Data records
════

Lemma equalize w : increasing_third_derivative w -> forall m l c tau, 0 <= tau ->
  length l = m -> sumsq l = INR m * tau ^ 2 -> admissible_gap w (c - INR m * tau) ->
  sign_sum w c l <= sign_sum w c (repeat tau m) /\
  (~ all_abs_eq tau l -> sign_sum w c l < sign_sum w c (repeat tau m)).
Proof.
  intros Hw; induction m as [|m IH]; intros l c tau Ht Hl Hs Hgap.
  - destruct l; [|discriminate]. split; [simpl; lra|].
    intros Hf; exfalso; apply Hf; constructor.
  - destruct (equalize_step w c tau m l Hw Ht Hl Hs Hgap) as [l' [Hl' [Hs' Hcmp]]].
    rewrite S_INR in Hgap.
    destruct (IH l' (c - tau) tau Ht Hl' Hs') as [Lm Sm];
      [apply admissible_gap_mono with (c - (INR m + 1) * tau); auto; lra|].
    destruct (IH l' (c + tau) tau Ht Hl' Hs') as [Lp Sp];
      [apply admissible_gap_mono with (c - (INR m + 1) * tau); auto; pose proof (pos_INR m); nra|].
    change (sign_sum w c (tau :: l'))
      with (sign_sum w (c - tau) l' + sign_sum w (c + tau) l') in Hcmp.
    change (sign_sum w c (repeat tau (S m)))
      with (sign_sum w (c - tau) (repeat tau m) + sign_sum w (c + tau) (repeat tau m)).
    destruct Hcmp as [[Heq Hnot] | Hlt]; split; try lra.
    intros Hf. specialize (Sm (Hnot Hf)); specialize (Sp (Hnot Hf)). lra.
Qed.

(** H_n as a sign sum. *)

(* the coordinates M_(n-1), ..., M_0 of a point of R^n *)
Fixpoint coords (M : nat -> R) (n : nat) : list R :=
  match n with O => nil | S k => M k :: coords M k end.

Lemma coords_length M n : length (coords M n) = n.
Proof. induction n; simpl; auto. Qed.

Lemma coords_sumsq M n : sumsq (coords M n) = rsum n (fun j => M j ^ 2).
Proof. induction n; simpl; auto. simpl in IHn. rewrite IHn; ring. Qed.

Lemma coords_sumabs M n : sumabs (coords M n) = rsum n (fun j => Rabs (M j)).
Proof. induction n; simpl; auto. rewrite IHn; ring. Qed.

Definition vsign (i j : nat) : R := if Nat.testbit i j then 1 else -1.

Lemma vert_vsign i j : vert i j = vsign i j / 2.
Proof. unfold vert, vsign. destruct (Nat.testbit i j); field. Qed.

Lemma vsign_le_abs i j x : vsign i j * x <= Rabs x.
Proof.
  unfold vsign. destruct (Nat.testbit i j); [rewrite Rmult_1_l; apply Rle_abs|].
  pose proof (Rle_abs (- x)). rewrite Rabs_Ropp in *. lra.
Qed.

(* The vertices 2^n + i (i < 2^n) are the vertices i with coordinate n flipped to +. *)
Lemma testbit_low i n : (i < 2 ^ n)%nat -> Nat.testbit i n = false.
Proof. intros H. rewrite Nat.testbit_eqb, Nat.div_small by auto. reflexivity. Qed.

Lemma testbit_high i n : (i < 2 ^ n)%nat -> Nat.testbit (2 ^ n + i) n = true.
Proof.
  intros H. rewrite Nat.testbit_eqb.
  replace (2 ^ n + i)%nat with (1 * 2 ^ n + i)%nat by lia.
  rewrite Nat.div_add_l by (apply Nat.pow_nonzero; lia). rewrite Nat.div_small by auto.
  reflexivity.
Qed.

Lemma testbit_high_below i n j : (i < 2 ^ n)%nat -> (j < n)%nat ->
  Nat.testbit (2 ^ n + i) j = Nat.testbit i j.
Proof.
  intros H Hj. rewrite <- (Nat.mod_pow2_bits_low _ n j Hj).
  replace (2 ^ n + i)%nat with (i + 1 * 2 ^ n)%nat by lia.
  rewrite Nat.Div0.mod_add, Nat.mod_small by auto. reflexivity.
Qed.

Lemma rsum_vertices_sign_sum n M : forall g c,
  rsum (2 ^ n) (fun i => g (c - rsum n (fun j => vsign i j * M j))) = sign_sum g c (coords M n).
Proof.
  induction n as [|n IH]; intros g c; [simpl; rewrite Rplus_0_l, Rminus_0_r; reflexivity|].
  rewrite Nat.pow_succ_r'. replace (2 * 2 ^ n)%nat with (2 ^ n + 2 ^ n)%nat by lia.
  rewrite rsum_add_range.
  change (sign_sum g c (coords M (S n)))
    with (sign_sum g (c - M n) (coords M n) + sign_sum g (c + M n) (coords M n)).
  rewrite <- !IH, (Rplus_comm (rsum (2 ^ n) _)).
  f_equal; apply rsum_ext; intros i Hi; f_equal; simpl rsum.
  - unfold vsign at 2. rewrite testbit_high by auto.
    rewrite (rsum_ext n _ (fun j => vsign i j * M j)); [ring|].
    intros j Hj. unfold vsign. rewrite testbit_high_below by auto. auto.
  - unfold vsign at 2. rewrite testbit_low by auto. ring.
Qed.

Lemma dist2_vert n M i :
  dist2 n M (vert i) = rsum n (fun j => M j ^ 2) + INR n / 4 - rsum n (fun j => vsign i j * M j).
Proof.
  unfold dist2. rewrite (rsum_ext n _ (fun j => (M j ^ 2 + / 4) - vsign i j * M j)).
  - rewrite rsum_minus, rsum_plus, rsum_const. lra.
  - intros j _. rewrite vert_vsign. unfold vsign. destruct (Nat.testbit i j); field.
Qed.

Definition centre (n : nat) (r h : R) : R := r ^ 2 + INR n / 4 + h.

Lemma Hn_sign_sum n r h lam M : on_sphere n r M ->
  Hn n h lam M = sign_sum (fun t => rpow t (lam / 2)) (centre n r h) (coords M n).
Proof.
  intros Hs. unfold Hn, centre. rewrite <- rsum_vertices_sign_sum.
  apply rsum_ext. intros i _. f_equal. rewrite dist2_vert. unfold on_sphere in Hs. rewrite Hs. ring.
Qed.

Lemma sphere_sumabs n r M : 0 < r -> on_sphere n r M -> sumabs (coords M n) <= r * sqrt (INR n).
Proof.
  intros Hr Hs. pose proof (cauchy_schwarz_list (coords M n)) as C.
  rewrite coords_length, coords_sumsq, Hs in C.
  pose proof (sumabs_ge0 (coords M n)). pose proof (sqrt_pos (INR n)).
  apply Rle_trans with (sqrt (sumabs (coords M n) ^ 2)); [rewrite sqrt_pow2; lra|].
  rewrite <- (sqrt_pow2 (r * sqrt (INR n))) by nra. apply sqrt_le_1_alt.
  rewrite Rpow_mult_distr, pow2_sqrt by apply pos_INR. lra.
Qed.

(* the smallest possible squared distance to a vertex, plus h: zero exactly in the
   degenerate case h = 0, r = sqrt n / 2 *)
Lemma centre_minus_max n r h :
  centre n r h - r * sqrt (INR n) = (r - sqrt (INR n) / 2) ^ 2 + h.
Proof. unfold centre. pose proof (pow2_sqrt (INR n) (pos_INR n)). nra. Qed.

════

WORK ORDER
Look above for the line holding "Fixpoint coords (M". Print it and every line after it, exactly, through the line holding "Proof. induction n; simpl; auto. rewrite".

RESULT FOR THIS EXERCISE
Fixpoint coords (M : nat -> R) (n : nat) : list R :=
  match n with O => nil | S k => M k :: coords M k end.

Lemma coords_length M n : length (coords M n) = n.
Proof. induction n; simpl; auto. Qed.

Lemma coords_sumsq M n : sumsq (coords M n) = rsum n (fun j => M j ^ 2).
Proof. induction n; simpl; auto. simpl in IHn. rewrite IHn; ring. Qed.

Lemma coords_sumabs M n : sumabs (coords M n) = rsum n (fun j => Rabs (M j)).
Proof. induction n; simpl; auto. rewrite IHn; ring. Qed.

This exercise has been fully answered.